В два часа тридцать минут ночи (уже наступило 30 апреля) Гитлер вышел в один из отсеков бункера, где выстроились 20 человек, и, пройдя вдоль строя, пожал каждому руку. После этого он удалился в свою комнату. А присутствовавшие на церемонии прощания… пошли в бар и начали танцевать под патефон. Они протанцевали до самого утра. Шум музыки донесся до комнаты Гитлера. Он потребовал, чтобы это безобразие кончилось. Однако Гитлер так и не решился в эту ночь на самоубийство.

Утро 30 апреля прошло, так же как всегда. Обсуждали военное положение. В 14 часов Гитлер пообедал в обществе секретарш и поварихи. Потом началось новое прощание, новые рукопожатия и невнятный лепет фюрера. Затем он и Ева Браун удалились в комнату Гитлера. На этот раз Борман и Геббельс остались дежурить у входа в узком коридорчике, причем Борман уже заблаговременно подготовил канистры с бензином, чтобы сжечь труп фюрера.

Далее, по весьма сбивчивым показаниям шоферов, секретарш, адъютантов и прочих лиц, пребывавших в это время в бункере, раздался выстрел. Это было в 15 часов 30 минут. Люди, вошедшие в комнату, увидели два трупа – труп будто бы застрелившегося Гитлера и труп Евы Браун, умершей от яда.

Для Геббельса и Бормана это был сигнал к действию. Все планы они разработали заранее и прежде всего обезвредили соперников; Геринг сидел под арестом, попытка Гиммлера вести переговоры с Западом провалилась. Нацистские генералы также не представляли опасности: после 20 июля 1944 года они как каста потеряли лицо и были объяты страхом перед гестапо. И наконец, последнее послание Гитлера Кейтелю должно было окончательно парализовать руководство немецких штабов. Таким образом, полновластными хозяевами нацистской Германии становились Геббельс и Борман, имевшие в руках завещание Гитлера. Правда, согласно этому завещанию, рейхом должен был править триумвират: Дениц, Геббельс, Борман. Но до поры до времени Геббельс и Борман могли не посвящать во все события своего партнера Деница.

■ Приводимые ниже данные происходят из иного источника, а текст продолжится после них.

(* For $n\ge 2$, $g(n)\ge \left\lceil\frac{(n-1)^2+1}{2}\right\rceil$.
   Context: $K_n$ is the complete graph on $n$ vertices. A complete bipartite subgraph of a graph $G$ has two disjoint nonempty vertex classes $X,Y$ and edge set all $xy$ with $x\in X,y\in Y$. A block is a set $E(B_1)\times E(B_2)$ where $B_1,B_2$ are complete bipartite subgraphs of $K_n$; $g(n)$ is the minimum number of blocks partitioning $E(K_n)\times E(K_n)$. *)

From mathcomp Require Import all_boot.
Set Implicit Arguments. Unset Strict Implicit. Unset Printing Implicit Defensive.

Definition edgeK (n : nat) : {set {set 'I_n}} := [set e : {set 'I_n} | #|e| == 2].

Definition bip_edges (n : nat) (X Y : {set 'I_n}) : {set {set 'I_n}} :=
  [set [set x; y] | x in X, y in Y].

Definition is_cbip_edgeset (n : nat) (E : {set {set 'I_n}}) : bool :=
  [exists X : {set 'I_n}, exists Y : {set 'I_n},
    [&& X != set0, Y != set0, [disjoint X & Y] & E == bip_edges X Y]].

Definition is_block (n : nat) (S : {set {set 'I_n} * {set 'I_n}}) : bool :=
  [exists E1 : {set {set 'I_n}}, exists E2 : {set {set 'I_n}},
    [&& is_cbip_edgeset E1, is_cbip_edgeset E2 & S == setX E1 E2]].

Definition block_partition (n : nat) (P : {set {set {set 'I_n} * {set 'I_n}}}) : bool :=
  partition P (setX (edgeK n) (edgeK n)) && [forall S in P, is_block S].

(* g(n): the minimum number of blocks in such a partition.  The default value
   #|E(K_n)|^2 is attained by the partition into singletons, so it never
   exceeds the true minimum. *)
Definition g (n : nat) : nat :=
  \big[minn/#|edgeK n| ^ 2]_(P : {set {set {set 'I_n} * {set 'I_n}}}
                              | block_partition P) #|P|.

(* Weight each ordered pair of vertices (i, j) by V (i, j) and let Q(D) be the
   sum of V t * V u over the ordered pairs of cells t, u with
   ({t.1, u.1}, {t.2, u.2}) in D.  Q is additive over partitions.  On a block
   E(X,Y) x E(X',Y') it equals 2 (M(X,X') M(Y,Y') + M(X,Y') M(Y,X')), where
   M(A,B) is the mass of V on A x B; on all of E(K_n) x E(K_n) it equals
   T^2 - sum r_i^2 - sum c_j^2 + sum V^2 (T the total mass, r and c the row and
   column sums).  For a partition into p blocks with 2p <= (n-1)^2, the 2p
   equations M(X,X') = M(X,Y') = 0 together with the 2(n-1) equations making
   all margins equal to a common s number fewer than n^2, so they have a
   nonzero solution V.  Then Q vanishes on every block, yet on the whole product
   it is n(n-2) s^2 + sum V^2 > 0. *)

From mathcomp Require Import all_boot all_order all_algebra.
From mathcomp Require Import ring zify.
Set Implicit Arguments. Unset Strict Implicit. Unset Printing Implicit Defensive.
Import Order.TTheory GRing.Theory Num.Theory.

Lemma set2_eq (T : finType) (a b c d : T) :
  [set a; b] = [set c; d] -> (a = c /\ b = d) \/ (a = d /\ b = c).
Proof.
move=> E.
have : a \in [set c; d] by rewrite -E set21.
have : b \in [set c; d] by rewrite -E set22.
have : c \in [set a; b] by rewrite E set21.
have : d \in [set a; b] by rewrite E set22.
rewrite !inE => /orP[]/eqP Hd /orP[]/eqP Hc /orP[]/eqP Hb /orP[]/eqP Ha; subst; tauto.
Qed.

Section Edges.
Variable n : nat.
Implicit Types X Y : {set 'I_n}.

Lemma mem_bip_edges X Y i k :
  ([set i; k] \in bip_edges X Y) = (i \in X) && (k \in Y) || (i \in Y) && (k \in X).
Proof.
apply/imset2P/idP.
- by case=> x y Hx Hy /set2_eq [[-> ->]|[-> ->]]; rewrite Hx Hy ?orbT.
- case/orP=> /andP [Hi Hk]; first by exists i k.
  by exists k i => //; rewrite setUC.
Qed.

Lemma card_edgeK : #|edgeK n| = 'C(n, 2).
Proof. by rewrite card_draws card_ord. Qed.

End Edges.

Local Open Scope ring_scope.

Lemma sum_natr_mul (R : pzSemiRingType) (T : finType) (P : pred T) (F : T -> R) :
  \sum_t (P t)%:R * F t = \sum_(t | P t) F t.
Proof. by rewrite [RHS]big_mkcond; apply: eq_bigr => t _; rewrite mulr_natl mulrb. Qed.

Lemma natr_mem_sum (R : pzSemiRingType) (T : finType) (x : T) (D : {set T}) :
  (x \in D)%:R = \sum_(y in D) (x == y)%:R :> R.
Proof.
case: (boolP (x \in D)) => xD.
  rewrite (bigD1 x) //= eqxx big1 ?addr0 // => y /andP[_ /negbTE].
  by rewrite eq_sym => ->.
by rewrite big1 // => y yD; case: eqP => // xy; rewrite xy yD in xD.
Qed.

Lemma natr_mem_cover (R : pzSemiRingType) (T : finType) (P : {set {set T}}) x :
  trivIset P -> (x \in cover P)%:R = \sum_(S in P) (x \in S)%:R :> R.
Proof.
move=> tP; rewrite natr_mem_sum (big_trivIset _ tP).
by apply: eq_bigr => S _; rewrite natr_mem_sum.
Qed.

Lemma natr_and (R : pzSemiRingType) (a b : bool) : (a && b)%:R = a%:R * b%:R :> R.
Proof. by rewrite -mulnb natrM. Qed.

Lemma natr_or (R : pzSemiRingType) (a b : bool) :
  ~~ (a && b) -> (a || b)%:R = a%:R + b%:R :> R.
Proof. by case: a; case: b; rewrite ?addr0 ?add0r. Qed.

Lemma sum_fiber_sqr (R : comNzRingType) (T I : finType) (p : T -> I) (V : T -> R) :
  \sum_t \sum_u (p t == p u)%:R * (V t * V u) = \sum_i (\sum_(t | p t == i) V t) ^+ 2.
Proof.
have -> : \sum_t \sum_u (p t == p u)%:R * (V t * V u) =
          \sum_t V t * \sum_(u | p u == p t) V u.
  apply: eq_bigr => t _; rewrite -(sum_natr_mul (fun u => p u == p t)) big_distrr /=.
  by apply: eq_bigr => u _; rewrite eq_sym mulrCA.
rewrite (partition_big p xpredT) //=; apply: eq_bigr => i _.
rewrite expr2 big_distrl /=; apply: eq_bigr => t /eqP <-.
by rewrite mulrC.
Qed.

Section QuadraticForm.
Variables (R : comNzRingType) (n : nat) (V : 'I_n * 'I_n -> R).
Implicit Types (t u : 'I_n * 'I_n) (X Y : {set 'I_n}).

Definition edge_pair t u := ([set t.1; u.1], [set t.2; u.2]).

Definition qform (D : {set {set 'I_n} * {set 'I_n}}) : R :=
  \sum_t \sum_u (edge_pair t u \in D)%:R * (V t * V u).

Definition mass X Y : R := \sum_t ((t.1 \in X) && (t.2 \in Y))%:R * V t.

Definition row_sum i : R := \sum_(t | t.1 == i) V t.
Definition col_sum j : R := \sum_(t | t.2 == j) V t.
Definition total : R := \sum_t V t.

Lemma qform_cover (P : {set {set {set 'I_n} * {set 'I_n}}}) :
  trivIset P -> qform (cover P) = \sum_(S in P) qform S.
Proof.
move=> tP; rewrite /qform.
under eq_bigr => t _ do under eq_bigr => u _ do rewrite natr_mem_cover // big_distrl.
under eq_bigr do rewrite exchange_big.
exact: exchange_big.
Qed.

Lemma qform_block X Y X' Y' : [disjoint X & Y] -> [disjoint X' & Y'] ->
  qform (setX (bip_edges X Y) (bip_edges X' Y')) =
  (mass X X' * mass Y Y' + mass X Y' * mass Y X') *+ 2.
Proof.
move=> dXY dXY'.
have excl (A B : {set 'I_n}) (i k : 'I_n) : [disjoint A & B] ->
    ~~ ((i \in A) && (k \in B) && ((i \in B) && (k \in A))).
  move=> dAB; apply/negP => /andP[/andP[iA _] /andP[iB _]].
  by rewrite (disjointFr dAB iA) in iB.
transitivity (mass X X' * mass Y Y' + mass X Y' * mass Y X' +
              mass Y X' * mass X Y' + mass Y Y' * mass X X').
  rewrite /qform /mass !big_distrlr -!big_split; apply: eq_bigr => t _; rewrite -!big_split.
  apply: eq_bigr => u _; rewrite in_setX !mem_bip_edges natr_and !natr_or ?excl //.
  by rewrite !natr_and /=; ring.
ring.
Qed.

Lemma sum_row_sum : \sum_i row_sum i = total.
Proof. by rewrite /total (partition_big fst xpredT). Qed.

Lemma sum_col_sum : \sum_j col_sum j = total.
Proof. by rewrite /total (partition_big snd xpredT). Qed.

Lemma qform_complete : qform (setX (edgeK n) (edgeK n)) =
  total ^+ 2 - \sum_i row_sum i ^+ 2 - \sum_j col_sum j ^+ 2 + \sum_t V t ^+ 2.
Proof.
have edgeKE t u : (edge_pair t u \in setX (edgeK n) (edgeK n))%:R =
    1 - (t.1 == u.1)%:R - (t.2 == u.2)%:R + (u == t)%:R :> R.
  case: t u => [a b] [c d]; rewrite in_setX !inE !cards2 /= xpair_eqE.
  rewrite ![c == _]eq_sym ![d == _]eq_sym.
  by case: (a == c); case: (b == d) => /=; ring.
have -> : total ^+ 2 = \sum_t \sum_u V t * V u by rewrite expr2 big_distrlr.
have -> : \sum_t V t ^+ 2 = \sum_t \sum_u (u == t)%:R * (V t * V u).
  by apply: eq_bigr => t _; rewrite sum_natr_mul big_pred1_eq expr2.
rewrite /row_sum /col_sum -(sum_fiber_sqr fst) -(sum_fiber_sqr snd).
rewrite -!sumrB -big_split /=; apply: eq_bigr => t _.
rewrite -!sumrB -big_split /=; apply: eq_bigr => u _.
by rewrite edgeKE; ring.
Qed.
End QuadraticForm.

Lemma qform_complete_gt0 (R : realDomainType) n (V : 'I_n * 'I_n -> R) s :
  (2 <= n)%N -> (forall i, row_sum V i = s) -> (forall j, col_sum V j = s) ->
  (exists t, V t != 0) -> 0 < qform V (setX (edgeK n) (edgeK n)).
Proof.
move=> n_ge2 rows cols [t0 Vt0].
have totalE : total V = n%:R * s.
  rewrite -sum_row_sum; under eq_bigr do rewrite rows.
  by rewrite sumr_const card_ord mulr_natl.
rewrite qform_complete totalE; under eq_bigr do rewrite rows.
under [X in _ - X + _]eq_bigr do rewrite cols.
rewrite !sumr_const !card_ord.
have -> : (n%:R * s) ^+ 2 - s ^+ 2 *+ n - s ^+ 2 *+ n = (n - 2)%:R * n%:R * s ^+ 2.
  by rewrite natrB //; ring.
have margins_ge0 : 0 <= (n - 2)%:R * n%:R * s ^+ 2 :> R.
  by apply: mulr_ge0; [apply: mulr_ge0; exact: ler0n | exact: sqr_ge0].
have squares_gt0 : 0 < \sum_t V t ^+ 2.
  rewrite (bigD1 t0) //= ltr_wpDr ?sumr_ge0 // => [t _|]; first exact: sqr_ge0.
  by rewrite lt0r sqrf_eq0 Vt0 sqr_ge0.
exact: ltr_wpDl.
Qed.

Lemma exists_nonzero_solution (F : fieldType) (T I : finType) (c : I -> T -> F) :
  (#|I| < #|T|)%N ->
  exists2 v : T -> F, exists t, v t != 0 & forall r, \sum_t c r t * v t = 0.
Proof.
move=> ltIT.
pose A := \matrix_(x < #|T|, r < #|I|) c (enum_val r) (enum_val x).
have : kermx A != 0 by rewrite kermx_eq0 /row_free; have := rank_leq_col A; lia.
case/rowV0Pn => w /sub_kermxP wA w0.
exists (fun t => w 0 (enum_rank t)).
  case: (pickP (fun x => w 0 x != 0)) => [x wx | w_eq0].
    by exists (enum_val x); rewrite enum_valK.
  by case/eqP: w0; apply/rowP => x; rewrite mxE; apply/eqP/negbFE/w_eq0.
move=> r; have := congr1 (fun M : 'M_(1, #|I|) => M 0 (enum_rank r)) wA.
rewrite !mxE => wAr; apply: etrans wAr.
rewrite (reindex enum_rank) /=; last exact/onW_bij/enum_rank_bij.
by apply: eq_bigr => t _; rewrite mxE !enum_rankK mulrC.
Qed.

Lemma exists_balanced_solution (F : fieldType) m (I : finType)
    (c : I -> 'I_m.+1 * 'I_m.+1 -> F) : (#|I| + 2 * m < m.+1 ^ 2)%N ->
  exists V : 'I_m.+1 * 'I_m.+1 -> F,
    [/\ exists t, V t != 0, forall r, \sum_t c r t * V t = 0,
        forall i, row_sum V i = row_sum V ord0 & forall j, col_sum V j = row_sum V ord0].
Proof.
move=> small.
(* Only 2m margin equations fit; column 0 then follows from the totals. *)
pose c' (r : I + 'I_m * bool) t := match r with
  | inl r => c r t
  | inr (i, true) => (t.1 == lift ord0 i)%:R - (t.1 == ord0)%:R
  | inr (j, false) => (t.2 == lift ord0 j)%:R - (t.1 == ord0)%:R
  end.
have [|V V0 c'V] := exists_nonzero_solution c'.
  by rewrite card_sum !card_prod card_bool !card_ord mulnn mulnC.
have diffE (P Q : pred ('I_m.+1 * 'I_m.+1)) :
    \sum_t ((P t)%:R - (Q t)%:R) * V t = \sum_(t | P t) V t - \sum_(t | Q t) V t.
  by under eq_bigr do rewrite mulrBl; rewrite sumrB !sum_natr_mul.
have rows i : row_sum V i = row_sum V ord0.
  case: (unliftP ord0 i) => [i' ->|-> //]; apply/eqP; rewrite -subr_eq0.
  by rewrite -(c'V (inr (i', true))) /= diffE.
have cols_lift j : col_sum V (lift ord0 j) = row_sum V ord0.
  by apply/eqP; rewrite -subr_eq0 -(c'V (inr (j, false))) /= diffE.
exists V; split=> // [r|j]; first exact: (c'V (inl r)).
case: (unliftP ord0 j) => [j' ->|->]; first exact: cols_lift.
have := sum_col_sum V; rewrite -(sum_row_sum V) !big_ord_recl.
under eq_bigr do rewrite cols_lift; under [in RHS]eq_bigr do rewrite rows.
exact: addIr.
Qed.

Definition block_data n := (({set 'I_n} * {set 'I_n}) * ({set 'I_n} * {set 'I_n}))%type.

Definition presents n (S : {set {set 'I_n} * {set 'I_n}}) (q : block_data n) :=
  [&& [disjoint q.1.1 & q.1.2], [disjoint q.2.1 & q.2.2] &
      S == setX (bip_edges q.1.1 q.1.2) (bip_edges q.2.1 q.2.2)].

Definition block_classes n (S : {set {set 'I_n} * {set 'I_n}}) : block_data n :=
  odflt ((set0, set0), (set0, set0)) [pick q | presents S q].

Lemma block_classesP n (S : {set {set 'I_n} * {set 'I_n}}) :
  is_block S -> presents S (block_classes S).
Proof.
rewrite /block_classes; case: pickP => [q //|no_presentation].
case/existsP=> E1 /existsP[E2 /and3P[/existsP[X /existsP[Y /and4P[_ _ dXY /eqP->]]]]].
case/existsP=> X' /existsP[Y' /and4P[_ _ dXY' /eqP->]] /eqP SE.
by have := no_presentation ((X, Y), (X', Y')); rewrite /presents /= dXY dXY' SE eqxx.
Qed.

Lemma block_partition_card m (P : {set {set {set 'I_m.+1} * {set 'I_m.+1}}}) :
  (0 < m)%N -> block_partition P -> (m ^ 2 < 2 * #|P|)%N.
Proof.
move=> m_gt0 /andP[/and3P[/eqP coverP trivP _] /forallP blocks].
rewrite ltnNge; apply/negP => small.
pose c (r : {S | S \in P} * bool) (t : 'I_m.+1 * 'I_m.+1) : rat :=
  let q := block_classes (val r.1) in
  ((t.1 \in q.1.1) && (t.2 \in if r.2 then q.2.1 else q.2.2))%:R.
have [|V [V0 cV rows cols]] := exists_balanced_solution c.
  rewrite card_prod card_sig card_bool.
  have -> : #|[pred S | S \in P]| = #|P| by apply: eq_card.
  lia.
have := qform_complete_gt0 (m_gt0 : (2 <= m.+1)%N) rows cols V0.
rewrite -coverP qform_cover // big1 ?ltxx // => S PS.
have := block_classesP (implyP (blocks S) PS).
have := cV (exist _ S PS, true); have := cV (exist _ S PS, false); rewrite /c /=.
case: (block_classes S) => [[X Y] [X' Y']] /= massXY' massXX' /and3P[dXY dXY' /eqP->].
by rewrite qform_block // /mass massXX' massXY' !mul0r add0r mul0rn.
Qed.

Local Close Scope ring_scope.

Lemma leq_g n b : b <= #|edgeK n| ^ 2 ->
  (forall P : {set {set {set 'I_n} * {set 'I_n}}}, block_partition P -> b <= #|P|) ->
  b <= g n.
Proof.
move=> b_le_default b_le_card; apply: (big_ind (fun x => b <= x)) => // x y.
by rewrite leq_min => -> ->.
Qed.

Theorem mainTheorem9 (n : nat) : 2 <= n -> ((n - 1) ^ 2 + 1 + 1) %/ 2 <= g n.
Proof.
case: n => // m; rewrite ltnS subn1 /= => m_gt0.
have ceil_le x : m ^ 2 < 2 * x -> (m ^ 2 + 1 + 1) %/ 2 <= x by lia.
apply: leq_g => [|P /(block_partition_card m_gt0)/ceil_le //].
apply: ceil_le; rewrite card_edgeK.
have : m <= 'C(m.+1, 2) by rewrite binS bin1 leq_addl.
nia.
Qed.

Геббельс и Борман первоначально скрыли от населения Германии факт смерти Гитлера. Они сразу же призвали Вейдлинга, который мог узнать о самоубийстве фюрера от разбегавшихся из имперской канцелярии эсэсовцев, и приказали ему молчать. Вот что сообщил Вейдлинг на допросе: «Меня обязали вплоть до дальнейшего развития событий не выдавать тайны» (смерти Гитлера. – Авт.). В 18 часов 35 минут, т. е. часа через три после самоубийства Гитлера, Борману удалось связаться с Деницем. Его радиограмма гласила: «На место рейхсмаршала Геринга фюрер назначает вас, господин гросс-адмирал, своим преемником. Письменные полномочия уже посланы». В радиограмме Бормана не было ни слова о смерти Гитлера, поэтому на следующий день Дениц прислал также по радио верноподданнейшее послание Гитлеру, которое начиналось словами: «Мой фюрер, моя верность вам неизменна…»

Почему Геббельс и Борман до последней возможности скрывали от своего третьего партнера Деница действительное положение вещей? Они боялись, что Дениц начнет действовать на свой собственный страх и риск. При этом он мог сговориться с любым из нацистских фюреров – с Гиммлером или с Герингом, которого после смерти Гитлера мог выпустить из-под стражи.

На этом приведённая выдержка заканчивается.